It is known that the direct-white enameling of steel sheet requires a particularly careful pretreatment of the metal surfaces. This careful pretreatment is also required during the direct enameling with bright color tones. It is customary, therefore, to degrease the steel metal parts with an alkaline media in several stages, to optionally descale them in an acid bath if required, to then pickle them intensively, and finally to nickelplate them before the enamel is applied. To avoid carrying the chemicals over from one stage to the next, the work pieces are rinsed with warm and/or cold water between the various preparatory steps.

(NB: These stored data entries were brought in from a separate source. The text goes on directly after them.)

(* Consider factor graphs of LDPC codes with $N$ variable nodes and $M$ check nodes, all check nodes of degree $d_c$, variable node degree distribution (edge perspective) $\{\lambda_i\}$, and design rate $R=1-\frac{1/d_c}{\sum_j\lambda_j/j}=1-\frac{M}{N}$. A factor graph with this degree distribution having no cycles of variable nodes of degree two and three (i.e., in which the subgraph consisting of all variable nodes of degree two or three, all check nodes, and the edges between them contains no cycle) exists if and only if $$3\lambda_2+4\lambda_3\le\frac{6}{d_c}\,\frac{(1-R)-\frac1N}{1-R}.$$ Moreover, the right-hand side is strictly less than $\frac{6}{d_c}$.
   Context: $\lambda_i$ denotes the fraction of edges of the factor graph connected to variable nodes of degree $i$; the node-perspective fractions are $\Lambda_i=\frac{\lambda_i/i}{\sum_j\lambda_j/j}$, the fraction of variable nodes of degree $i$. The factor graph is the bipartite graph between variable nodes and check nodes of the parity-check matrix. *)

From mathcomp Require Import all_boot all_order all_algebra.
Set Implicit Arguments. Unset Strict Implicit. Unset Printing Implicit Defensive.
Import Order.TTheory GRing.Theory Num.Theory.
Local Open Scope ring_scope.

(* A parity-check matrix H : 'M['F_2]_(M, N) (M check nodes = rows,
   N variable nodes = columns).  Its factor graph is the bipartite graph with
   an edge between check c and variable v iff H c v != 0. *)

Definition vdeg (M N : nat) (H : 'M['F_2]_(M, N)) (v : 'I_N) : nat :=
  #|[set c : 'I_M | H c v != 0]|.

Definition cdeg (M N : nat) (H : 'M['F_2]_(M, N)) (c : 'I_M) : nat :=
  #|[set v : 'I_N | H c v != 0]|.

Definition nedges (M N : nat) (H : 'M['F_2]_(M, N)) : nat :=
  #|[set p : 'I_M * 'I_N | H p.1 p.2 != 0]|.

Definition nvars_deg (M N : nat) (H : 'M['F_2]_(M, N)) (i : nat) : nat :=
  #|[set v : 'I_N | vdeg H v == i]|.

Definition edge_frac (R : realFieldType) (M N : nat) (H : 'M['F_2]_(M, N))
  (i : nat) : R :=
  (i * nvars_deg H i)%:R / (nedges H)%:R.

Definition has_degree_distribution (R : realFieldType) (M N : nat)
  (H : 'M['F_2]_(M, N)) (dc : nat) (lam : nat -> R) : Prop :=
  (forall c : 'I_M, cdeg H c = dc) /\ (forall i : nat, lam i = edge_frac R H i).

Definition fg_vertex (M N : nat) := ('I_N + 'I_M)%type.

Definition adj23 (M N : nat) (H : 'M['F_2]_(M, N)) : rel (fg_vertex M N) :=
  fun x y =>
    match x, y with
    | inl v, inr c => ((vdeg H v == 2%N) || (vdeg H v == 3%N)) && (H c v != 0)
    | inr c, inl v => ((vdeg H v == 2%N) || (vdeg H v == 3%N)) && (H c v != 0)
    | _, _ => false
    end.

Definition has_cycle (T : eqType) (e : rel T) : Prop :=
  exists p : seq T, [/\ uniq p, (2 < size p)%N & cycle e p].

Definition no_cycle23 (M N : nat) (H : 'M['F_2]_(M, N)) : Prop :=
  ~ has_cycle (adj23 H).

Definition rate_MN (R : realFieldType) (M N : nat) : R := 1 - M%:R / N%:R.

(* With all check nodes of degree dc there are M dc edges, so lambda_2 and
   lambda_3 equal 2 n2 / (M dc) and 3 n3 / (M dc), n_i being the number of
   variable nodes of degree i, while the right-hand side equals
   6 (M - 1) / (M dc) < 6 / dc.  The condition therefore reads
   n2 + 2 n3 <= M - 1.

   Necessity: without cycles the degree-2/3 subgraph is a forest on
   n2 + n3 + M vertices with 2 n2 + 3 n3 edges.

   Sufficiency: keep the variable degrees of a graph with the given
   distribution and rebuild its edges.  The degree-2/3 variables, ranked
   v_0, v_1, ..., are strung along a chain in which v_k and v_(k+1) share
   check k for every k < s = 2 n2 + 3 n3 - M (the condition gives
   s < n2 + n3); their remaining edges go to the fresh checks s, ..., M - 1.
   This meets each check exactly as often as dealing 2 n2 + 3 n3 edges
   cyclically (edge p to check p mod M) would, so dealing all the other edges
   cyclically after them makes every check degree dc.  A check of v_k other
   than k - 1 only leads to higher ranks, so no cycle can pass through a
   variable of maximal rank. *)

From mathcomp Require Import all_boot all_order all_algebra.
From mathcomp Require Import zify ring.
Import Order.TTheory GRing.Theory Num.Theory.
Set Implicit Arguments. Unset Strict Implicit. Unset Printing Implicit Defensive.

Section Forest.
Variables (T : finType) (e : rel T).
Hypotheses (e_sym : symmetric e) (e_irr : irreflexive e) (e_acyclic : ~ has_cycle e).

Definition deg_in (S : {set T}) x := #|[set y in S | e x y]|.

Lemma acyclic_path_no_chord y z q : uniq (y :: q) -> path e y q ->
  z \in behead q -> ~~ e z y.
Proof.
case: q => [|r q] // Hu Hp /= Hz; apply/negP => Hzy.
case/splitPr: Hz Hu Hp => s1 s2 Hu /= /andP[Hyr Hp].
apply: e_acyclic; exists (y :: r :: rcons s1 z); split.
- apply: subseq_uniq Hu; rewrite -cats1 /= !eqxx.
  by apply: cat_subseq => //=; rewrite eqxx sub0seq.
- by case: s1 {Hu Hp}.
- move: Hp; rewrite cat_path => /andP[H1 /= /andP[H2 _]].
  by rewrite /cycle /= Hyr rcons_path last_rcons Hzy rcons_path H1 H2.
Qed.

Lemma deg_in_path_head (S : {set T}) y q : uniq (y :: q) -> path e y q ->
  {in S, forall w, e y w -> w \in y :: q} -> deg_in S y <= 1.
Proof.
move=> Hu Hp Hnb; rewrite leqNgt; apply/negP => /card_gt1P[z1 [z2 [+ + z12]]].
rewrite !inE => /andP[z1S e1] /andP[z2S e2].
have on_q w : w \in S -> e y w -> w \in q.
  move=> wS eyw; have := Hnb w wS eyw; rewrite inE.
  by case/orP => // /eqP Ew; move: eyw; rewrite Ew e_irr.
case: q Hu Hp Hnb on_q => [|r q] Hu Hp _ on_q; first by have := on_q _ z1S e1.
have beyond w : w \in S -> e y w -> w != r -> w \in q.
  by move=> wS eyw; have := on_q w wS eyw; rewrite inE => /orP[/eqP->|]; rewrite ?eqxx.
have [z z_q eyz] : exists2 z, z \in q & e y z.
  case: (eqVneq z1 r) => [E1|N1]; first exists z2; last exists z1.
  - by apply: beyond; rewrite // -E1 eq_sym.
  - exact: e2.
  - exact: beyond.
  - exact: e1.
by move: (acyclic_path_no_chord Hu Hp z_q); rewrite e_sym eyz.
Qed.

Lemma exists_leaf (S : {set T}) : S != set0 -> exists2 x, x \in S & deg_in S x <= 1.
Proof.
case/set0Pn => x0 x0S.
pose ext y q := [pred z | (z \in S) && e y z && (z \notin y :: q)].
have stuck y q : uniq (y :: q) -> all (mem S) (y :: q) -> path e y q ->
    ext y q =1 xpred0 -> exists2 x, x \in S & deg_in S x <= 1.
  move=> Hu /andP[yS _] Hp none; exists y => //.
  apply: (deg_in_path_head Hu Hp) => w wS eyw.
  by apply: contraFT (none w); rewrite /= wS eyw => ->.
suff: forall k y q, uniq (y :: q) -> all (mem S) (y :: q) -> path e y q ->
    #|S| - size (y :: q) <= k -> exists2 x, x \in S & deg_in S x <= 1.
  by move/(_ #|S| x0 [::]); apply; rewrite /= ?x0S ?leq_subr.
elim=> [|k IH] y q Hu HS Hp Hk.
all: case: (pickP (ext y q)) => [z /andP[/andP[zS eyz] znq] | none];
  last exact: stuck none.
all: have Hsize : size (z :: y :: q) <= #|S|
       by rewrite -(card_uniqP _) ?subset_leq_card //= ?znq //;
          apply/subsetP => w; rewrite inE => /orP[/eqP->|] //; move/allP: HS; apply.
- by move: Hk Hsize => /=; lia.
- apply: (IH z (y :: q)); first by rewrite cons_uniq znq Hu.
  + by apply/andP; split.
  + by apply/andP; split; rewrite // e_sym.
  + by move: Hk Hsize => /=; lia.
Qed.

Lemma deg_inD1 (S : {set T}) x y : x \in S ->
  deg_in S y = e y x + deg_in (S :\ x) y.
Proof.
move=> xS; rewrite /deg_in (cardsD1 x) inE xS /=; congr (_ + _).
by apply: eq_card => z; rewrite !inE andbA.
Qed.

Lemma sum_adj_deg_in (S : {set T}) x : x \in S ->
  \sum_(y in S :\ x) (e y x : nat) = deg_in S x.
Proof.
move=> xS; rewrite /deg_in -sum1_card [RHS]big_mkcond big_mkcond /=.
rewrite big_mkcond; apply: eq_bigr => y _; rewrite !inE e_sym.
by case: (eqVneq y x) => [->|]; rewrite ?e_irr ?andbF //=; case: (y \in S); case: (e x y).
Qed.

(* Handshake bound for a forest: removing a leaf removes at most one edge. *)
Lemma forest_sum_deg_in (S : {set T}) : S != set0 ->
  \sum_(x in S) deg_in S x + 2 <= 2 * #|S|.
Proof.
move Hn : #|S| => n; elim: n S Hn => [|n IH] S HS S0.
  by move: S0; rewrite -cards_eq0 HS.
have [x xS x_leaf] := exists_leaf S0.
have HS' : #|S :\ x| = n by move: HS; rewrite (cardsD1 x) xS; case.
rewrite (bigD1 x) //= (eq_bigl (mem (S :\ x))) => [|y]; last by rewrite !inE andbC.
rewrite (eq_bigr (fun y => e y x + deg_in (S :\ x) y)) => [|y _]; last exact: deg_inD1.
rewrite big_split /= sum_adj_deg_in //.
have [S'0 | S'_ne] := eqVneq (S :\ x) set0; last by have := IH _ HS' S'_ne; lia.
by rewrite -(sum_adj_deg_in xS) S'0 !big_set0; move: HS'; rewrite S'0 cards0 => <-.
Qed.

End Forest.
(* Let $X,Y\subseteq\mathbb{R}^{\mathbb{Z}_<}$, equipped with the metric $d(\mathbf{x},\mathbf{y})=|\mathbf{y}-\mathbf{x}|$. A function $f:X\to Y$ is $\iota$-continuous if and only if $f$ satisfies $\mathrm{ED}$.
   Context: $\mathbb{R}^{\mathbb{Z}_<}$ is the set of formal series $\sum_{i\ge -k}a_i\epsilon^i$ ($k\in\mathbb{N}\cup\{0\}$, $a_i\in\mathbb{R}$), with coefficientwise addition, Cauchy-product multiplication and lexicographic order; $|\cdot|$ is the associated absolute value. For $m\in\mathbb{N}\cup\{0\}$ let $\Delta^m=\{a\epsilon^m:a\in\mathbb{R}\}$ (with $a\ne0$ when $m\ge1$) and $\Delta^{\downarrow m}=\bigcup_{n\ge m}\Delta^n$. In a subset $Z$, $B_{\mathbf{x}}(\mathbf{r})=\{\mathbf{z}\in Z:d(\mathbf{x},\mathbf{z})<\mathbf{r}\}$, and $O\subseteq Z$ is $\iota$-open iff for every $\mathbf{x}\in O$ there is a positive $\iota\in\Delta^{\downarrow m}$ (some $m$) with $B_{\mathbf{x}}(\iota)\subseteq O$. $f$ is $\iota$-continuous iff $f^{-1}(U)$ is $\iota$-open in $X$ whenever $U\subseteq Y$ is $\iota$-open. $f$ satisfies $\mathrm{ED}$ iff at every $\mathbf{c}\in X$, for every positive $\iota_1\in\mathbb{R}^{\mathbb{Z}_<}$ there is a positive $\iota_2\in\mathbb{R}^{\mathbb{Z}_<}$ with $|f(\mathbf{x})-f(\mathbf{c})|<\iota_1$ whenever $\mathbf{x}\in X$ and $|\mathbf{x}-\mathbf{c}|<\iota_2$. *)

From Stdlib Require Import Reals ZArith Lia Lra ClassicalEpsilon.
Open Scope R_scope.

(* R^{Z_<}: formal series sum_{i >= -k} a_i eps^i, represented by the
   coefficient function Z -> R, vanishing below some index. *)
Record LS := mkLS {
  coef : Z -> R ;
  coef_lb : exists k : Z, forall i : Z, (i < k)%Z -> coef i = 0
}.

Definition ls_zero : LS.
Proof. refine (mkLS (fun _ => 0) _). exists 0%Z. reflexivity. Defined.

Definition ls_add (x y : LS) : LS.
Proof.
  refine (mkLS (fun i => coef x i + coef y i) _).
  destruct (coef_lb x) as [k1 H1]; destruct (coef_lb y) as [k2 H2].
  exists (Z.min k1 k2). intros i Hi.
  rewrite H1 by lia. rewrite H2 by lia. ring.
Defined.

Definition ls_opp (x : LS) : LS.
Proof.
  refine (mkLS (fun i => - coef x i) _).
  destruct (coef_lb x) as [k H]. exists k. intros i Hi. rewrite H by lia. ring.
Defined.

Definition ls_sub (x y : LS) : LS := ls_add x (ls_opp y).

Definition ls_lt (x y : LS) : Prop :=
  exists n : Z, (forall i : Z, (i < n)%Z -> coef x i = coef y i) /\ coef x n < coef y n.

Definition ls_abs (x : LS) : LS :=
  if excluded_middle_informative (ls_lt x ls_zero) then ls_opp x else x.

Definition ls_dist (x y : LS) : LS := ls_abs (ls_sub y x).

Definition in_Delta (m : nat) (r : LS) : Prop :=
  exists a : R, ((1 <= m)%nat -> a <> 0) /\
    forall j : Z, coef r j = (if Z.eq_dec j (Z.of_nat m) then a else 0).

Definition in_Delta_down (m : nat) (r : LS) : Prop :=
  exists n : nat, (m <= n)%nat /\ in_Delta n r.

Definition ball (Zs : LS -> Prop) (x r : LS) : LS -> Prop :=
  fun z => Zs z /\ ls_lt (ls_dist x z) r.

Definition iota_open (Zs O : LS -> Prop) : Prop :=
  (forall x, O x -> Zs x) /\
  forall x, O x -> exists (m : nat) (r : LS),
      in_Delta_down m r /\ ls_lt ls_zero r /\ (forall z, ball Zs x r z -> O z).

Definition iota_continuous (X Y : LS -> Prop) (f : LS -> LS) : Prop :=
  forall U : LS -> Prop, iota_open Y U -> iota_open X (fun x => X x /\ U (f x)).

Definition ED (X : LS -> Prop) (f : LS -> LS) : Prop :=
  forall c, X c -> forall r1 : LS, ls_lt ls_zero r1 ->
    exists r2 : LS, ls_lt ls_zero r2 /\
      forall x, X x -> ls_lt (ls_abs (ls_sub x c)) r2 ->
        ls_lt (ls_abs (ls_sub (f x) (f c))) r1.

From Stdlib Require Import Reals ZArith.
From Stdlib Require Import Lia Lra ClassicalEpsilon.
Open Scope R_scope.

(* Both notions of continuity are governed by the same neighbourhoods: the
   points whose coefficients agree with the centre below some index.  Indeed
   [|x - y| < eps^N] forces [x] and [y] to agree below [N], while agreement
   below [n0 + 1] gives [|x - y| < r] for every positive [r] of leading index
   [n0].  Hence the balls of radius [eps^N] are cofinal among all positive
   radii, and ED and iota-continuity say the same thing. *)

Definition eps_pow (N : nat) : LS.
Proof.
  refine (mkLS (fun j => if Z.eq_dec j (Z.of_nat N) then 1 else 0) _).
  exists (Z.of_nat N). intros i Hi.
  destruct (Z.eq_dec i (Z.of_nat N)); [lia | reflexivity].
Defined.

Lemma eps_pow_gt0 (N : nat) : ls_lt ls_zero (eps_pow N).
Proof.
  exists (Z.of_nat N). split.
  - intros i Hi. simpl. destruct (Z.eq_dec i (Z.of_nat N)); [lia | reflexivity].
  - simpl. destruct (Z.eq_dec (Z.of_nat N) (Z.of_nat N)); [lra | lia].
Qed.

Lemma eps_pow_Delta_down (N : nat) : in_Delta_down N (eps_pow N).
Proof.
  exists N. split; [lia |]. exists 1. split; [intros; lra | reflexivity].
Qed.

Lemma coef_abs_eq0 (w : LS) (i : Z) : coef (ls_abs w) i = 0 <-> coef w i = 0.
Proof.
  unfold ls_abs. destruct (excluded_middle_informative (ls_lt w ls_zero)); simpl; lra.
Qed.

Lemma ls_abs_nlt0 (w : LS) : ~ ls_lt (ls_abs w) ls_zero.
Proof.
  unfold ls_abs. destruct (excluded_middle_informative (ls_lt w ls_zero)) as [Hw | Hw];
    [| exact Hw].
  intros [m [Hm_eq Hm_lt]]. destruct Hw as [n [Hn_eq Hn_lt]]. simpl in *.
  destruct (Z.lt_trichotomy n m) as [Hnm | [<- | Hmn]].
  - specialize (Hm_eq n Hnm). lra.
  - lra.
  - specialize (Hn_eq m Hmn). lra.
Qed.

Definition agree_below (n : Z) (x y : LS) : Prop :=
  forall i, (i < n)%Z -> coef x i = coef y i.

Lemma agree_below_trans (n : Z) (x y z : LS) :
  agree_below n x y -> agree_below n y z -> agree_below n x z.
Proof. intros Hxy Hyz i Hi. rewrite Hxy, Hyz by exact Hi. reflexivity. Qed.

Lemma agree_below_sub (n : Z) (x y : LS) :
  agree_below n x y <-> forall i, (i < n)%Z -> coef (ls_sub x y) i = 0.
Proof.
  split; intros H i Hi; specialize (H i Hi); simpl in *; lra.
Qed.

Lemma abs_sub_lt_eps_pow_agree (N : nat) (x y : LS) :
  ls_lt (ls_abs (ls_sub x y)) (eps_pow N) -> agree_below (Z.of_nat N) x y.
Proof.
  intros [n [Hn_eq Hn_lt]].
  apply agree_below_sub. intros i Hi. apply coef_abs_eq0.
  assert (Heps : forall j, (j < Z.of_nat N)%Z -> coef (eps_pow N) j = 0).
  { intros j Hj. simpl. destruct (Z.eq_dec j (Z.of_nat N)); [lia | reflexivity]. }
  destruct (Z_lt_le_dec i n) as [Hin | Hni].
  - rewrite Hn_eq by exact Hin. apply Heps, Hi.
  - (* otherwise the first difference with [eps^N] would make [|x - y|] negative *)
    exfalso. apply (ls_abs_nlt0 (ls_sub x y)). exists n. split.
    + intros j Hj. rewrite Hn_eq by exact Hj. apply Heps. lia.
    + rewrite Heps in Hn_lt by lia. exact Hn_lt.
Qed.

Lemma agree_below_abs_sub_lt (r : LS) : ls_lt ls_zero r ->
  exists N : nat, forall x y, agree_below (Z.of_nat N) x y -> ls_lt (ls_abs (ls_sub x y)) r.
Proof.
  intros [n0 [Hr_eq Hr_lt]].
  exists (Z.to_nat (n0 + 1)). intros x y Hxy.
  assert (Habs : forall i, (i <= n0)%Z -> coef (ls_abs (ls_sub x y)) i = 0).
  { intros i Hi. apply coef_abs_eq0. apply agree_below_sub with (n := Z.of_nat (Z.to_nat (n0 + 1))).
    - exact Hxy.
    - lia. }
  exists n0. split.
  - intros i Hi. rewrite Habs by lia. apply Hr_eq, Hi.
  - rewrite Habs by lia. exact Hr_lt.
Qed.

Lemma abs_sub_lt_eps_pow_cofinal (r : LS) : ls_lt ls_zero r ->
  exists N : nat, forall x y,
    ls_lt (ls_abs (ls_sub x y)) (eps_pow N) -> ls_lt (ls_abs (ls_sub x y)) r.
Proof.
  intros Hr. destruct (agree_below_abs_sub_lt r Hr) as [N HN].
  exists N. intros x y Hxy. apply HN, abs_sub_lt_eps_pow_agree, Hxy.
Qed.

Section Continuity.

Variables (X Y : LS -> Prop) (f : LS -> LS).
Hypothesis f_maps : forall x, X x -> Y (f x).

Lemma agree_below_iota_open (N : nat) (c : LS) :
  iota_open Y (fun y => Y y /\ agree_below (Z.of_nat N) y c).
Proof.
  split; [intros y [Yy _]; exact Yy |].
  intros y [_ Hyc]. exists N, (eps_pow N).
  split; [apply eps_pow_Delta_down |]. split; [apply eps_pow_gt0 |].
  intros z [Yz Hz]. split; [exact Yz |].
  apply agree_below_trans with y; [apply abs_sub_lt_eps_pow_agree, Hz | exact Hyc].
Qed.

Lemma iota_continuous_ED : iota_continuous X Y f -> ED X f.
Proof.
  intros Hcont c Xc r1 Hr1.
  destruct (agree_below_abs_sub_lt r1 Hr1) as [N HN].
  destruct (Hcont _ (agree_below_iota_open N (f c))) as [_ Hopen].
  destruct (Hopen c) as [_ [r2 [_ [Hr2 Hball]]]].
  { split; [exact Xc |]. split; [apply f_maps, Xc | intros i _; reflexivity]. }
  exists r2. split; [exact Hr2 |]. intros x Xx Hx.
  destruct (Hball x (conj Xx Hx)) as [_ [_ Hagree]].
  apply HN, Hagree.
Qed.

Lemma ED_iota_continuous : ED X f -> iota_continuous X Y f.
Proof.
  intros Hed U [_ HU]. split; [intros x [Xx _]; exact Xx |].
  intros x [Xx Ux]. destruct (HU (f x) Ux) as [_ [r [_ [Hr Hball]]]].
  destruct (Hed x Xx r Hr) as [r2 [Hr2 Hdelta]].
  destruct (abs_sub_lt_eps_pow_cofinal r2 Hr2) as [N HN].
  exists N, (eps_pow N). split; [apply eps_pow_Delta_down |]. split; [apply eps_pow_gt0 |].
  intros z [Xz Hz]. split; [exact Xz |].
  apply Hball. split; [apply f_maps, Xz |].
  apply Hdelta; [exact Xz | apply HN, Hz].
Qed.

End Continuity.

Theorem mainTheorem14 (X Y : LS -> Prop) (f : LS -> LS)
  (Hf : forall x, X x -> Y (f x)) :
  iota_continuous X Y f <-> ED X f.
Proof.
  split; [apply iota_continuous_ED | apply ED_iota_continuous]; exact Hf.
Qed.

The known methods for direct-white enameling are primarily employed where steel alloys of extremely low carbon content of approximately 0.001 to 0.015% by weight are involved. These "decarburized" steels are obtained by vacuum degasification of the liquid steel or by annealing the already rolled metal in a reducing atmosphere. Depending on the way in which they are produced, these steel types are called VAC steels (vacuum decarburized) or OC steels (decarburized by the Open Coil method). There are also other known methods for the direct-white enameling of normal steels which have a carbon content of up to 0.15%. These "normal steels" are undecarburized steels.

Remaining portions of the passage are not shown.